Miriam Frederick – Director of NLCH and World Harvest Mission of Lake Worth, Fl.
Miriam, 67, established NLCH 34 years ago. During that time she has lost her property twice, once during a governmental coup when she and her staff were flown out by a Lear jet, the other time when the family of the Haitian employee she was required to add to the property’s deed to reclaim it, showed up with machine guns to forcibly evict her. That time she managed to flee by small boat, eventually being rescued by two Coast Guard Cutters off the coast of Cuba. She later recalls that when questioning God as to why he let her fail, she was reminded that He had sent her a Lear jet and the Coast Guard as evidence of His support. To return for a third start represents a conviction that passes all understanding!
NLCH runs a Christian orphanage for between 90-125 children, many with special needs. Over 15 current orphans are mentally challenged and wheelchair bound. Two are amputees. Some were just abandoned at the gates of NLCH or left nearby to die; others have been rescued from the various remote regions of Haiti where they conduct medical missions. Several orphans being cared for in the Post-Op facility are babies that were so severely malnourished when brought in that they were within a day or two of death.
The Post Op Clinic is currently affiliated with the Medishare Hospital Operation (a University of Miami Medical School outreach program) at PAP airport. Amputee and other critically injured children operated on at Medishare are sent to NLCH for Post Op care. Doctors and nurses rotate through the clinic caring for the patient needs on kind of a missionary availability… signing on anywhere from three days to three months. Dr. Ken Pierce and his wife Diane, an ER doctor and RN from Kauai were recently here for three weeks with their youngest daughter Emily, a home schooled high school junior. (In addition to doctoring, Ken has published a book “Wise @ Heart”, plays guitar, sings and leads worship service). They were a fantastic addition to “our family”. This clinic, housed in the former church building in the compound, is being overseen by Dr. Steve Schroering an orthopedic surgeon from Ft. Myers who is in the process of adding a permanent prosthetic fitting facility to accommodate patient recovery and rehabilitation.
Pastor Frank Amedia
A former wild child who played with the WHO, Alice Cooper, etc. business owner and entrepreneur. Frank was born an orthodox Jew, has a PHD in Philosophy, and now is an evangelistic, conservative born again Christian, a conviction reinforced on April 20, 1999 when 12 students were tragically gunned down at Columbine High School. (Franks rather remarkable vision and subsequent conversations with Darrell Scott, the father of the first girl shot, Rachael, are fascinating and I encourage you to Google “Frank Amedia Rachael Smiles”, and follow the link.

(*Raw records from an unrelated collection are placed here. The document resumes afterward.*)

(* Let $G$ be a group and $\varphi\colon A\to B$ an isomorphism between subgroups of $G$. Let $Y$ be a group, $y\in Y$, and $\alpha\colon (G,\varphi)\to (Y,c_y)$ an embedding of HNN pairs. (1) If $Y$ is a finite group of $p$-power order ($p$ a prime), then the order of the restriction of $\varphi$ to $H(G,\varphi)$ is a power of $p$. (2) For $a\in A$ and $b\in B$, $\alpha$ is an embedding of HNN pairs $(G,c_b\circ\varphi\circ c_a)\to (Y,c_{\alpha(a)y\alpha(b)})$.
   Context: An HNN pair $(G,\varphi)$ is a group $G$ with an isomorphism $\varphi\colon A\to B$ between subgroups. For $g$ in a group, $c_g(x)=g^{-1}xg$; $(Y,c_y)$ is the HNN pair with $c_y\colon Y\to Y$. For $a\in A$, $b\in B$, $c_b\circ\varphi\circ c_a$ is an isomorphism $A\to B$. A morphism of HNN pairs $(G,\varphi\colon A\to B)\to(G',\varphi'\colon A'\to B')$ is a group homomorphism $\alpha\colon G\to G'$ with $\alpha(A)\subseteq A'$, $\alpha(B)\subseteq B'$ and $\varphi'\circ\alpha|_A=\alpha|_B\circ\varphi$; it is an embedding if $\alpha$ is injective. The core $H(G,\varphi)$ is $\bigcap_k H_k$ where $H_0=A\cap B$ and $H_{k+1}=\varphi^{-1}(H_k)\cap H_k\cap\varphi(H_k)$; $\varphi$ restricts to an automorphism of $H(G,\varphi)$. *)

From HB Require Import structures.
From mathcomp Require Import all_boot.
Set Implicit Arguments. Unset Strict Implicit. Unset Printing Implicit Defensive.
Local Open Scope group_scope.

Definition is_subgroup (G : groupType) (S : G -> Prop) : Prop :=
  S 1 /\ (forall x y, S x -> S y -> S (x * y)) /\ (forall x, S x -> S x^-1).

Definition cg (G : groupType) (g : G) : G -> G := fun x => g^-1 * x * g.

(* phi (a function on G, only its restriction to A matters) is a group
   isomorphism from A onto B. *)
Definition is_iso_on (G : groupType) (A B : G -> Prop) (phi : G -> G) : Prop :=
  (forall x, A x -> B (phi x)) /\
  (forall x y, A x -> A y -> phi (x * y) = phi x * phi y) /\
  (forall x y, A x -> A y -> phi x = phi y -> x = y) /\
  (forall z, B z -> exists x, A x /\ phi x = z).

Definition HNN_pair (G : groupType) (A B : G -> Prop) (phi : G -> G) : Prop :=
  is_subgroup A /\ is_subgroup B /\ is_iso_on A B phi.

Definition HNN_morphism (G G' : groupType) (A B : G -> Prop) (phi : G -> G)
    (A' B' : G' -> Prop) (phi' : G' -> G') (alpha : G -> G') : Prop :=
  (forall x y, alpha (x * y) = alpha x * alpha y) /\
  (forall x, A x -> A' (alpha x)) /\
  (forall x, B x -> B' (alpha x)) /\
  (forall x, A x -> phi' (alpha x) = alpha (phi x)).

Definition HNN_embedding (G G' : groupType) (A B : G -> Prop) (phi : G -> G)
    (A' B' : G' -> Prop) (phi' : G' -> G') (alpha : G -> G') : Prop :=
  HNN_morphism A B phi A' B' phi' alpha /\ injective alpha.

(* H_0 = A ∩ B, H_{k+1} = phi^{-1}(H_k) ∩ H_k ∩ phi(H_k) *)
Fixpoint Hk (G : groupType) (A B : G -> Prop) (phi : G -> G) (k : nat) : G -> Prop :=
  match k with
  | 0 => fun x => A x /\ B x
  | k'.+1 => fun x =>
      (A x /\ Hk A B phi k' (phi x)) /\ Hk A B phi k' x /\
      (exists z, Hk A B phi k' z /\ phi z = x)
  end.

Definition HNN_core (G : groupType) (A B : G -> Prop) (phi : G -> G) : G -> Prop :=
  fun x => forall k, Hk A B phi k x.

Definition order_on (G : groupType) (P : G -> Prop) (f : G -> G) (n : nat) : Prop :=
  (0 < n)%N /\ (forall x, P x -> iter n f x = x) /\
  (forall m, (0 < m < n)%N -> exists x, P x /\ iter m f x <> x).

Definition finite_ppower_order (Y : groupType) (p : nat) : Prop :=
  exists s : seq Y, uniq s /\ (forall x, x \in s) /\ exists k, size s = (p ^ k)%N.

(* Since alpha is an injective morphism intertwining phi with c_y, on the
   phi-stable core it turns phi^n into c_(y^n); in a group of order p^m we
   have y^(p^m) = 1, so phi^(p^m) is the identity on the core and the order
   of phi there divides p^m.  For (2), c_(alpha(a) y alpha(b)) is the
   composite c_(alpha b) o c_y o c_(alpha a), and alpha carries each factor
   to the corresponding conjugation in G. *)
From HB Require Import structures.
From mathcomp Require Import all_boot all_fingroup cyclic.
From mathcomp Require Import boolp.
Local Open Scope group_scope.

Section EnumeratedGroup.

Variables (Y : groupType) (s : seq Y).
Hypotheses (s_uniq : uniq s) (mem_s : forall x, x \in s).

(* A copy of Y on which the enumeration s induces a finGroupType structure. *)
Definition enum_group : Type := Y.
HB.instance Definition _ := Group.on enum_group.

Lemma enum_group_pickK :
  pcancel (fun x : enum_group => index x s)
          (fun n => if (n < size s)%N then Some (nth 1 s n) else None).
Proof. by move=> x; rewrite index_mem mem_s nth_index. Qed.
HB.instance Definition _ := PCanIsCountable enum_group_pickK.

Lemma enum_group_finite : Finite.axiom (s : seq enum_group).
Proof. by move=> x; rewrite count_uniq_mem // mem_s. Qed.
HB.instance Definition _ := isFinite.Build enum_group enum_group_finite.

Lemma expg_size_enum (y : Y) : y ^+ size s = 1.
Proof.
have -> : size s = #|[set: enum_group]|.
  have s_uniq' : @uniq enum_group s := s_uniq.
  by rewrite cardsT -(card_uniqP s_uniq'); apply: eq_card => x; rewrite mem_s.
exact: (@expg_cardG _ [set: enum_group] (y : enum_group) (in_setT _)).
Qed.

End EnumeratedGroup.

Section Conjugation.

Variable Y : groupType.

Lemma cg1 (x : Y) : cg 1 x = x.
Proof. by rewrite /cg invg1 mul1g mulg1. Qed.

Lemma cgM (u v x : Y) : cg (u * v) x = cg v (cg u x).
Proof. by rewrite /cg invMg !mulgA. Qed.

Lemma iter_cg (y x : Y) n : iter n (cg y) x = cg (y ^+ n) x.
Proof. by elim: n => [|n IHn]; rewrite ?cg1 // iterS IHn expgSr cgM. Qed.

End Conjugation.

Section Morphism.

Context {G Y : groupType} {alpha : G -> Y}.
Hypothesis alphaM : forall x y, alpha (x * y) = alpha x * alpha y.

Lemma morph1 : alpha 1 = 1.
Proof. by apply: (@mulgI _ (alpha 1)); rewrite -alphaM !mulg1. Qed.

Lemma morphV x : alpha x^-1 = (alpha x)^-1.
Proof. by apply: (@mulgI _ (alpha x)); rewrite -alphaM !mulgV morph1. Qed.

Lemma morph_cg a x : alpha (cg a x) = cg (alpha a) (alpha x).
Proof. by rewrite /cg !alphaM morphV. Qed.

End Morphism.

Lemma iterM_period {T : Type} {P : T -> Prop} {f : T -> T} {n} q :
  (forall x, P x -> iter n f x = x) -> forall x, P x -> iter (q * n) f x = x.
Proof. by move=> fn x Px; elim: q => [|q IHq] //; rewrite mulSn iterD IHq fn. Qed.

Lemma order_on_dvd {G : groupType} {P : G -> Prop} {f : G -> G} {n} :
  (0 < n)%N -> (forall x, P x -> iter n f x = x) ->
  exists2 d, (d %| n)%N & order_on P f d.
Proof.
move=> n_gt0 fn.
pose period m := (0 < m)%N && `[< forall x, P x -> iter m f x = x >].
have period_n : exists m, period m by exists n; rewrite /period n_gt0; apply/asboolP.
case: (ex_minnP period_n) => d /andP[d_gt0 /asboolP fd] d_min.
(* n %% d is a period smaller than d, hence not a positive one *)
have d_dvd_n : (d %| n)%N.
  apply: contraT; rewrite /dvdn -lt0n => r_gt0.
  have: (d <= n %% d)%N.
    apply: d_min; rewrite /period r_gt0; apply/asboolP => x Px.
    by rewrite -{2}(fn x Px) {2}(divn_eq n d) addnC iterD (iterM_period _ fd).
  by rewrite leqNgt ltn_pmod.
exists d => //; split=> //; split=> // m /andP[m_gt0 lt_md].
apply: contrapT => no_witness; move: lt_md; rewrite ltnNge d_min //.
rewrite /period m_gt0; apply/asboolP => x Px.
by apply: contrapT => fmx; apply: no_witness; exists x.
Qed.

Section Core.

Context {G : groupType} {A B : G -> Prop} {phi : G -> G}.

Lemma HNN_core_subA x : HNN_core A B phi x -> A x.
Proof. by move/(_ 0%N) => []. Qed.

Lemma HNN_core_phi x : HNN_core A B phi x -> HNN_core A B phi (phi x).
Proof. by move=> Hx k; case: (Hx k.+1) => [[_]]. Qed.

Lemma HNN_core_iter n x : HNN_core A B phi x -> HNN_core A B phi (iter n phi x).
Proof. by move=> Hx; elim: n => //= n; apply: HNN_core_phi. Qed.

Context {Y : groupType} {y : Y} {alpha : G -> Y}.
Hypothesis alpha_morph :
  HNN_morphism A B phi (fun _ => True) (fun _ => True) (cg y) alpha.

Lemma morph_iter_core n x :
  HNN_core A B phi x -> alpha (iter n phi x) = cg (y ^+ n) (alpha x).
Proof.
case: alpha_morph => _ [_ [_ alpha_phi]] Hx.
rewrite -iter_cg; elim: n => //= n <-.
by rewrite alpha_phi //; apply/HNN_core_subA/HNN_core_iter.
Qed.

Lemma HNN_core_iter_expg_id n :
  injective alpha -> y ^+ n = 1 ->
  forall x, HNN_core A B phi x -> iter n phi x = x.
Proof. by move=> alpha_inj yn x Hx; apply: alpha_inj; rewrite morph_iter_core // yn cg1. Qed.

End Core.

Lemma HNN_embedding_conj (G Y : groupType) (A B : G -> Prop) (phi : G -> G)
    (y : Y) (alpha : G -> Y) (a b : G) :
  is_subgroup A -> A a ->
  HNN_embedding A B phi (fun _ => True) (fun _ => True) (cg y) alpha ->
  HNN_embedding A B (fun x => cg b (phi (cg a x)))
    (fun _ => True) (fun _ => True) (cg (alpha a * y * alpha b)) alpha.
Proof.
move=> [_ [AM AV]] Aa [[alphaM [_ [_ alpha_phi]]] alpha_inj].
split=> //; split=> //; split=> //; split=> // x Ax.
have Aax : A (cg a x) by rewrite /cg; apply: (AM) => //; apply: (AM) => //; apply: AV.
by rewrite !cgM -(morph_cg alphaM) alpha_phi // (morph_cg alphaM).
Qed.

Theorem lemma3p1 (G Y : groupType) (A B : G -> Prop) (phi : G -> G)
    (y : Y) (alpha : G -> Y) :
  HNN_pair A B phi ->
  HNN_embedding A B phi (fun _ => True) (fun _ => True) (cg y) alpha ->
  (forall p : nat, prime p -> finite_ppower_order Y p ->
     exists k : nat, order_on (HNN_core A B phi) phi (p ^ k)%N) /\
  (forall a b : G, A a -> B b ->
     HNN_embedding A B (fun x => cg b (phi (cg a x)))
       (fun _ => True) (fun _ => True) (cg (alpha a * y * alpha b)) alpha).
Proof.
move=> [A_subgroup _] emb; split=> [p p_prime [s [s_uniq [mem_s [m size_s]]]]|a b Aa _].
- have phi_period : forall x, HNN_core A B phi x -> iter (p ^ m) phi x = x.
    have y_period : y ^+ (p ^ m) = 1 by rewrite -size_s expg_size_enum.
    case: emb => alpha_morph alpha_inj.
    exact: HNN_core_iter_expg_id alpha_morph _ alpha_inj y_period.
  have pm_gt0 : (0 < p ^ m)%N by rewrite expn_gt0 prime_gt0.
  have [d d_dvd ord_d] := order_on_dvd pm_gt0 phi_period.
  have /(dvdn_pfactor _ _ p_prime)[k _ d_eq] := d_dvd.
  by exists k; rewrite -d_eq.
- exact: HNN_embedding_conj emb.
Qed.
Definition nonzero_on (H : {vspace M}) (a : M -> F) : Prop :=
  exists2 h, h \in H & a h != 0.

(* classical Cartan subalgebra, l = char F *)
Definition classical_cartan (l : nat) (H : {vspace M}) : Prop :=
  [/\ cartan H, lie_abelian H,
   (forall x, in_sl x -> exists s : seq ({ffun M -> F} * M),
        (forall p, p \in s -> lin_on H p.1 /\ p.2 \in wspace H p.1) /\
        x = \sum_(p <- s) p.2),
   (forall a, is_root H a -> nonzero_on H a ->
      \dim <<[seq lie x y | x <- enum (wspace H a),
                            y <- enum (wspace H (fun h => - a h))]>>%VS = 1%N) &
   (forall a b, is_root H a -> is_root H b -> nonzero_on H b ->
      ~ (forall k : nat, (1 <= k <= l - 1)%N ->
           is_root H (fun h => a h + k%:R * b h)))].

Definition COD (l : nat) (H : 'I_n.+1 -> {vspace M}) : Prop :=
  [/\ forall x, in_sl x <-> x \in (\sum_i H i)%VS,
      directv (\sum_i H i)%VS,
      forall i, classical_cartan l (H i) &
      forall i j x y, i != j -> x \in H i -> y \in H j -> killing x y = 0].

Definition lie_aut (f : M -> M) : Prop :=
  [/\ forall x, in_sl x -> in_sl (f x),
      forall c x y, in_sl x -> in_sl y -> f (c *: x + y) = c *: f x + f y,
      forall x y, in_sl x -> in_sl y -> f (lie x y) = lie (f x) (f y),
      forall x y, in_sl x -> in_sl y -> f x = f y -> x = y &
      forall y, in_sl y -> exists2 x, in_sl x & f x = y].

Definition COD_conjugate (H H' : 'I_n.+1 -> {vspace M}) : Prop :=
  exists f, lie_aut f /\ exists sigma : 'I_n.+1 -> 'I_n.+1,
    forall i y, y \in H' (sigma i) <-> exists2 x, x \in H i & f x = y.
Lemma Vstar_power (y : 'cV[R]_n) : (Vstar y)^T *m ones_n R n = Phi y.
Proof.
apply/matrixP => j k; rewrite (ord1 k) !mxE.
under eq_bigr => i _ do rewrite !mxE.
case: (eqVneq j l) => [->|jl].
  have E i : (if i == l then true%:R else
     ((i == l)%:R * (1 - theta i) + true%:R * (theta i * (1 - y i 0)))
     / (1 - theta i * y i 0)) * a = (i == l)%:R * a + a * share y i.
    case: (eqVneq i l) => [->|il] /=; first by rewrite share_center; ring.
    by rewrite /share; ring.
  by rewrite (eq_bigr _ (fun i _ => E i)) big_split /= sum_indicator -mulr_sumr.
have E i : (if i == l then false%:R else
     ((i == j)%:R * (1 - theta i) + false%:R * (theta i * (1 - y i 0)))
     / (1 - theta i * y i 0)) * a
     = (i == j)%:R * (a * (1 - theta j) / (1 - theta j * y j 0)).
  case: (eqVneq i l) => [->|il] /=; first by rewrite eq_sym (negbTE jl) /=; ring.
  by case: (eqVneq i j) => [->|ij] /=; ring.
by rewrite (eq_bigr _ (fun i _ => E i)) sum_indicator.
Qed.

Lemma Vstar_equation (y : 'cV[R]_n) : simplex y ->
  Vstar y = Theta theta *m Wmx C y *m Vstar y + (1%:M - Theta theta).
Proof.
move=> ys; apply/matrixP => i j.
rewrite [((_ + _ : 'M_n) i j)]mxE Theta_Wmx_mulmx one_sub_Theta_entry !Vstar_entry eqxx.
case: (eqVneq i l) => [->|il] /=; first by rewrite Hl eq_sym; ring.
by field; rewrite simplex_den_neq0.
Qed.

Lemma Vstar_stochastic (y : 'cV[R]_n) : simplex y -> row_stochastic (Vstar y).
Proof.
move=> ys; split.
  move=> i j; rewrite Vstar_entry; case: eqVneq => _ /=; first exact: ler0n.
  have [t0 t1] := Htheta i; have [y0 y1] := simplex_bounds i ys.
  apply: divr_ge0; last exact/ltW/den_gt0.
  by apply: addr_ge0; apply: mulr_ge0; rewrite ?ler0n //; nra.
move=> i; have [->|il] := eqVneq i l.
  under eq_bigr do rewrite Vstar_entry eqxx /= -[_%:R]mulr1.
  exact: (sum_indicator l (fun _ => 1)).
under eq_bigr do rewrite Vstar_entry (negbTE il).
have E j : ((i == j)%:R * (1 - theta i) + (j == l)%:R * (theta i * (1 - y i 0)))
    / (1 - theta i * y i 0)
  = (j == i)%:R * ((1 - theta i) / (1 - theta i * y i 0))
    + (j == l)%:R * (theta i * (1 - y i 0) / (1 - theta i * y i 0)).
  by rewrite (eq_sym i j); ring.
rewrite (eq_bigr _ (fun j _ => E j)) big_split /= !sum_indicator.
by field; rewrite simplex_den_neq0.
Qed.
Lemma rres_lower_error cx dx i : is_dx g H l u xs x ll lu s cx dx -> Al i ->
  `|rres g H l u xs x ll lu s dx i - dlN i 0|
    <= (M * n%:R * err_dx + Am / eta * err_dx) * mu ^+ 2.
Proof.
move=> hdx hA; have hAu := reg_disjoint reg hA.
have := reg_upper reg i; rewrite (negPf hAu) => -[h1 h2].
rewrite /rres hA (negPf hAu) /= subr0.
have -> : g i 0 - ll i 0 + lu i 0 + \sum_j H i j * dx j 0 + dluI u x lu s dx i - dlN i 0
       = (\sum_j H i j * dx j 0 - \sum_j H i j * dxN j 0)
         + lu i 0 * (dx i 0 - dxN i 0) / b i.
  case: (newton_eqs i) => e1 _ _.
  have -> : dlN i 0 = (H *m dxN) i 0 + duN i 0 + (g i 0 - ll i 0 + lu i 0) by lra.
  by rewrite duN_eq /dluI [(H *m dxN) i 0]mxE; field; nonzero.
rewrite mulrDl; apply: le_trans (ler_normD _ _) _; apply: lerD.
  exact: hess_dx_error hdx.
rewrite -[Am / eta * _ * _]mulrA small_ratio ?(mulr_ge0 err_dx_ge0 mu2_ge0) //.
by rewrite prod_bound ?(dx_error _ hdx) // ltW.
Qed.

(* The least-squares choice on A_l combines r_i with the centred product
   a_i ll_i = O(mu). *)
Lemma dllA_error cx dx i : is_dx g H l u xs x ll lu s cx dx -> Al i ->
  `|dllA g H l u xs x ll lu s dx i - dlN i 0|
    <= (M * n%:R * err_dx + Am / eta * err_dx + (1 + C1) * err_dx) * mu ^+ 2.
Proof.
move=> hdx hA; rewrite /dllA; set r := rres g H l u xs x ll lu s dx i.
have q1 : 1 <= 1 + a i ^+ 2 by rewrite lerDl sqr_ge0.
have q0 : 1 + a i ^+ 2 != 0 by rewrite gt_eqF // (lt_le_trans ltr01 q1).
have -> : (r - a i * (ll i 0 * a i - s + ll i 0 * dx i 0)) / (1 + a i ^+ 2) - dlN i 0
       = (r - dlN i 0 - a i * ll i 0 * (dx i 0 - dxN i 0)) / (1 + a i ^+ 2).
  by rewrite dlN_eq; field; rewrite q0; nonzero.
have centred : `|a i * ll i 0 * (dx i 0 - dxN i 0)| <= (1 + C1) * err_dx * mu ^+ 2.
  apply: le_trans (_ : _ <= (1 + C1) * mu * (err_dx * mu ^+ 2)) _.
    apply: prod_bound; last exact: dx_error hdx.
      by rewrite mulr_ge0 // ltW.
    by rewrite mulrC (reg_centred reg i).1.
  rewrite -mulrA mulrCA -[X in _ <= X]mulrA ler_piMl //.
  by rewrite mulr_ge0 ?(mulr_ge0 err_dx_ge0 mu2_ge0) // addr_ge0 // ltW.
have hnum := le_trans (ler_normB _ _) (lerD (rres_lower_error hdx hA) centred).
by apply: le_trans (div_bound ltr01 q1 hnum) _; rewrite divr1 -mulrDl.
Qed.

Lemma dll_error cl cx dx i : is_dx g H l u xs x ll lu s cx dx ->
  `|dll g H l u xs x ll lu s cl dx i 0 - dlN i 0| <= err_mult * mu ^+ 2.
Proof.
move=> hdx; have [P1 P2 P3 P4] := err_mult_parts.
rewrite mxE; case hA : (Al i); case: (cl i).
- apply: le_trans (dllA_error hdx hA) _; rewrite ler_wpM2r // /err_mult; lra.
- apply: le_trans (rres_lower_error hdx hA) _; rewrite ler_wpM2r // /err_mult; lra.
- apply: le_trans (dllI_error hdx (negbT hA)) _; rewrite ler_wpM2r // /err_mult; lra.
- apply: le_trans (dllC_error (negbT hA)) _; rewrite ler_wpM2r // /err_mult; lra.
Qed.

Lemma dluI_error cx dx i : is_dx g H l u xs x ll lu s cx dx -> ~~ Au i ->
  `|dluI u x lu s dx i - duN i 0| <= Am / eta * err_dx * mu ^+ 2.
Proof.
move=> hdx hi; have := reg_upper reg i; rewrite (negPf hi) => -[h1 h2].
have -> : dluI u x lu s dx i - duN i 0 = lu i 0 * (dx i 0 - dxN i 0) / b i.
  by rewrite /dluI duN_eq; field; nonzero.
rewrite -[Am / eta * _ * _]mulrA small_ratio ?(mulr_ge0 err_dx_ge0 mu2_ge0) //.
by rewrite prod_bound ?(dx_error _ hdx) // ltW.
Qed.

Lemma dluC_error i : ~~ Au i -> `|dluC u x lu s i - duN i 0| <= Am * B / eta * mu ^+ 2.
Proof.
move=> hi; have := reg_upper reg i; rewrite (negPf hi) => -[h1 h2].
have -> : dluC u x lu s i - duN i 0 = - (lu i 0 * dxN i 0) / b i.
  by rewrite /dluC duN_eq; field; nonzero.
have -> : Am * B / eta * mu ^+ 2 = Am * mu * (B * mu) / eta by field; nonzero.
by rewrite mulNr normrN div_bound // prod_bound ?dxN_bound // ltW.
Qed.

Lemma rres_upper_error cx dx i : is_dx g H l u xs x ll lu s cx dx -> Au i ->
  `|- rres g H l u xs x ll lu s dx i - duN i 0|
    <= (M * n%:R * err_dx + Am / eta * err_dx) * mu ^+ 2.
Proof.
move=> hdx hA; have hAl : ~~ Al i by apply/negP => /(reg_disjoint reg); rewrite hA.
have := reg_lower reg i; rewrite (negPf hAl) => -[h1 h2].
rewrite /rres hAl hA /= addr0.
have -> : - (g i 0 - ll i 0 + lu i 0 + \sum_j H i j * dx j 0 - dllI l x ll s dx i) - duN i 0
       = - (\sum_j H i j * dx j 0 - \sum_j H i j * dxN j 0)
         - ll i 0 * (dx i 0 - dxN i 0) / a i.
  case: (newton_eqs i) => e1 _ _.
  have -> : duN i 0 = - (H *m dxN) i 0 + dlN i 0 - (g i 0 - ll i 0 + lu i 0) by lra.
  by rewrite dlN_eq /dllI [(H *m dxN) i 0]mxE; field; nonzero.
rewrite mulrDl; apply: le_trans (ler_normB _ _) _; apply: lerD.
  by rewrite normrN; exact: hess_dx_error hdx.
rewrite -[Am / eta * _ * _]mulrA small_ratio ?(mulr_ge0 err_dx_ge0 mu2_ge0) //.
by rewrite prod_bound ?(dx_error _ hdx) // ltW.
Qed.

Lemma dluA_error cx dx i : is_dx g H l u xs x ll lu s cx dx -> Au i ->
  `|dluA g H l u xs x ll lu s dx i - duN i 0|
    <= (M * n%:R * err_dx + Am / eta * err_dx + (1 + C1) * err_dx) * mu ^+ 2.
Proof.
move=> hdx hA; rewrite /dluA; set r := rres g H l u xs x ll lu s dx i.
have q1 : 1 <= 1 + b i ^+ 2 by rewrite lerDl sqr_ge0.
have q0 : 1 + b i ^+ 2 != 0 by rewrite gt_eqF // (lt_le_trans ltr01 q1).
have -> : - ((r + b i * (lu i 0 * b i - s - lu i 0 * dx i 0)) / (1 + b i ^+ 2)) - duN i 0
       = (- r - duN i 0 + b i * lu i 0 * (dx i 0 - dxN i 0)) / (1 + b i ^+ 2).
  by rewrite duN_eq; field; rewrite q0; nonzero.
have centred : `|b i * lu i 0 * (dx i 0 - dxN i 0)| <= (1 + C1) * err_dx * mu ^+ 2.
  apply: le_trans (_ : _ <= (1 + C1) * mu * (err_dx * mu ^+ 2)) _.
    apply: prod_bound; last exact: dx_error hdx.
      by rewrite mulr_ge0 // ltW.
    by rewrite mulrC (reg_centred reg i).2.
  rewrite -mulrA mulrCA -[X in _ <= X]mulrA ler_piMl //.
  by rewrite mulr_ge0 ?(mulr_ge0 err_dx_ge0 mu2_ge0) // addr_ge0 // ltW.
have hnum := le_trans (ler_normD _ _) (lerD (rres_upper_error hdx hA) centred).
by apply: le_trans (div_bound ltr01 q1 hnum) _; rewrite divr1 -mulrDl.
Qed.

Lemma dlu_error cu cx dx i : is_dx g H l u xs x ll lu s cx dx ->
  `|dlu g H l u xs x ll lu s cu dx i 0 - duN i 0| <= err_mult * mu ^+ 2.
Proof.
move=> hdx; have [P1 P2 P3 P4] := err_mult_parts.
rewrite mxE; case hA : (Au i); case: (cu i).
- apply: le_trans (dluA_error hdx hA) _; rewrite ler_wpM2r // /err_mult; lra.
- apply: le_trans (rres_upper_error hdx hA) _; rewrite ler_wpM2r // /err_mult; lra.
- apply: le_trans (dluI_error hdx (negbT hA)) _; rewrite ler_wpM2r // /err_mult; lra.
- apply: le_trans (dluC_error (negbT hA)) _; rewrite ler_wpM2r // /err_mult; lra.
Qed.

Definition err_total := n%:R * err_dx + n%:R * err_mult + n%:R * err_mult.

Lemma err_total_ge0 : 0 <= err_total.
Proof.
have [P1 P2 P3 P4] := err_mult_parts.
by rewrite /err_total /err_mult !addr_ge0 ?mulr_ge0 // !addr_ge0.
Qed.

Frank arrived at NLCH to deliver aid to various orphanages, etc. He is also in the planning process of setting up a two day revival (tentatively May 6-7) for 1200-1500 Haitian pastors on the street across from the collapsed Presidential Palace downtown PAP. The purpose of the revival is to reinstill a new spirit of commitment, service and leadership to Haiti, led by pastors at the community level. This can only succeed, Frank believes, if the pastors confess and repent of transgressions in the secular world in recent years.
On the morning of our third day we joined Pastor Frank and his assistant, along with Dr. Rik Celie, to go to Carrefour and meet with Bishop Vilsaint Chervil, church Eglise Jesus Christ De La Guerison, one of the area’s religious leaders. Pastor Frank wanted Bishop Chervil to head up the team to obtain the permits for the pastoral crusade.
Carrefour, being nearer to the earthquake epicenter, sustained more destruction than PAP. Quite a bit of the church property including the school, and even the Bishop’s residence several miles away, were destroyed. The main church structure itself was not damaged and was being used as a clinic on Monday when we arrived. They were routinely seeing 200-300 patients per day, or until they ran out of meds. Many families were living behind the church in the destroyed school facility and on the bare ground in front of it, sleeping on blankets on rock hard ground (which would turn to mud and standing water when the fast approaching rainy season arrives) under a couple of tarps. One of these families included the Miracle Baby born the day of the earthquake and twins born the day after the quake.
After the clinic (see below) we ended the third day in front of the Presidential Palace and adjacent to a massive tent complex of displaced Haitians surveying the site for the revival. As the day’s light began to fade, seven of us joined hands to pray. One by one those on the street began to join in until the group swelled to over 50. After an angry young man passed by and created a big disturbance, Pastor Frank calmed him down, got him to repent, and a healing revival broke out. Turns out the young man had lost his entire family in the earthquake. A potentially explosive disturbance was averted and we returned to our compound safely as darkness fell.